Russia appears to be out of Iranian-made drones, Western officials said Tuesday.
The comments come after Ukraine's military said Iranian drones don't work during cold weather.
British intelligence said last month that Russian suicide drone attacks appeared to stop.
Russian forces appear to be out of Iranian-made drones that have been used in recent weeks to terrorize Ukrainian cities and civilians, Western officials say.
One unnamed Western official said Tuesday that while Moscow has run out of the Iranian drones, it still anticipates "a resupply," according to an ABC News report. The comments come amid a drop in usage for the deadly systems.
Yevgeny Silkin, a top Ukrainian military official, said recently that Russia had stopped using Iranian-made drones because they don't work in cold weather, noting that they are constructed using plastic and other materials that are not resistant to frost.
Britain's defense ministry shared in a late-November intelligence update that there had been no public reports of "one way attack" (OWA) drone strikes since November 17, a reference to the Iranian-made explosive suicide drone Shahed-136 that became a weapon of choice for Russian President Vladimir Putin's forces.
"Russia has likely very nearly exhausted its current stock, but will probably seek resupply," Britain's defense ministry said at the time. "Russia can probably procure UAVs from overseas more rapidly than it can manufacture new cruise missiles domestically."
The top US intelligence official, Director of National Intelligence Avril Haines said recently that Russia is burning through its munitions stockpiles faster than it can replenish them. Drones are a cheaper alternative.
US officials had warned over the summer that Iran was preparing to send drones to Russia, and then the weapons first saw battlefield action in early September. These weapons included the Shahed-136, Shahed-129, Shahed-191, and Qods Mohajer-6 and were used in "hundreds" of attacks against Ukraine in the following weeks, Britain's defense ministry said.
Most notable of the weapons has been the Shahed-136, which Russian forces have used to terrorize Ukrainian cities in attacks against the country's civilian areas, civil infrastructure, and energy grid.
Although the Shahed-136 is referred to as a drone, it's actually a long-range loitering munition — meaning it can fly around like a drone and linger over a target area. Once on site, these systems can be directed at specific targets, fly straight into them, and detonate upon impact — thus leading people to refer to them as suicide or kamikaze drones.

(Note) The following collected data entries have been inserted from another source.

(* Let $a_1,\dots,a_n\in\overline{K}$ ($n\ge2$) be pairwise distinct with $\nu(a_i)>0$ for all $i$ (a bouquet of branches passing through the origin), let $A$ be its associated magic matrix and $(\mathcal R,\gamma)$ its associated tree. Then $A$ induces an automorphism of $F=\{u\in\mathbf{C}^n:\sum_i u_i=0\}$ whose eigenvalues are the strictly positive rational numbers $$\sum_{T\in\mathcal R,\ T\supset T_1}\gamma(T)\,n(T),\qquad T_1\in\mathcal R.$$ If moreover all $a_i\in\mathbf C[[x]]$ (a bouquet of smooth curves through the origin), these eigenvalues are strictly positive integers.
   Context: $\overline{K}=\bigcup_{d\ge1}\mathbf{C}[[x^{1/d}]][1/x]$ with valuation $\nu$. Put $m_{i,j}=\nu(a_i-a_j)$ ($i\ne j$), $m_i=\sum_{j\ne i}m_{i,j}$. The associated magic matrix is $A=(\alpha_{i,j})$ with $\alpha_{i,j}=-m_{i,j}$ for $i\neq j$ and $\alpha_{i,i}=m_i$, viewed as an endomorphism of $\mathbf C^n$ in the canonical basis. Let $T_0=\{1,\dots,n\}$. A subset $T\subset T_0$ is a ''rameau'' if $|T|\ge2$ and for all $i,j\in T$, $i\ne j$, and $k\notin T$: $m_{i,j}>m_{i,k}=m_{j,k}$; $\mathcal R$ is the set of rameaux (it contains $T_0$, and any two are disjoint or nested). For $T\in\mathcal R$, $\alpha(T)=\inf\{m_{i,j}:i,j\in T,i\ne j\}$; for $T\ne T_0$, $\gamma(T)=\alpha(T)-\alpha(T')$ where $T'$ is the smallest element of $\mathcal R$ strictly containing $T$, and $\gamma(T_0)=\alpha(T_0)$. $n(T)$ denotes the cardinality of $T$. *)

From HB Require Import structures.
From mathcomp Require Import all_boot all_order all_algebra.
From mathcomp Require Import complex Rstruct.
From Stdlib Require Import ClassicalEpsilon.
Set Implicit Arguments. Unset Strict Implicit. Unset Printing Implicit Defensive.
Import Order.TTheory GRing.Theory Num.Theory.
Local Open Scope ring_scope.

These 440-pound weapons are relatively slow, fly at low altitudes, and carry a small explosive payload, according to Western intelligence. Despite this, when launched in swarms these systems can cause considerable damage.
Aside from reaching out to Iran, Russia — facing crippling international sanctions — has also sought military assistance from North Korea. US officials have said previously that Moscow's search for help among pariah states such as these is a sign of Putin's desperation.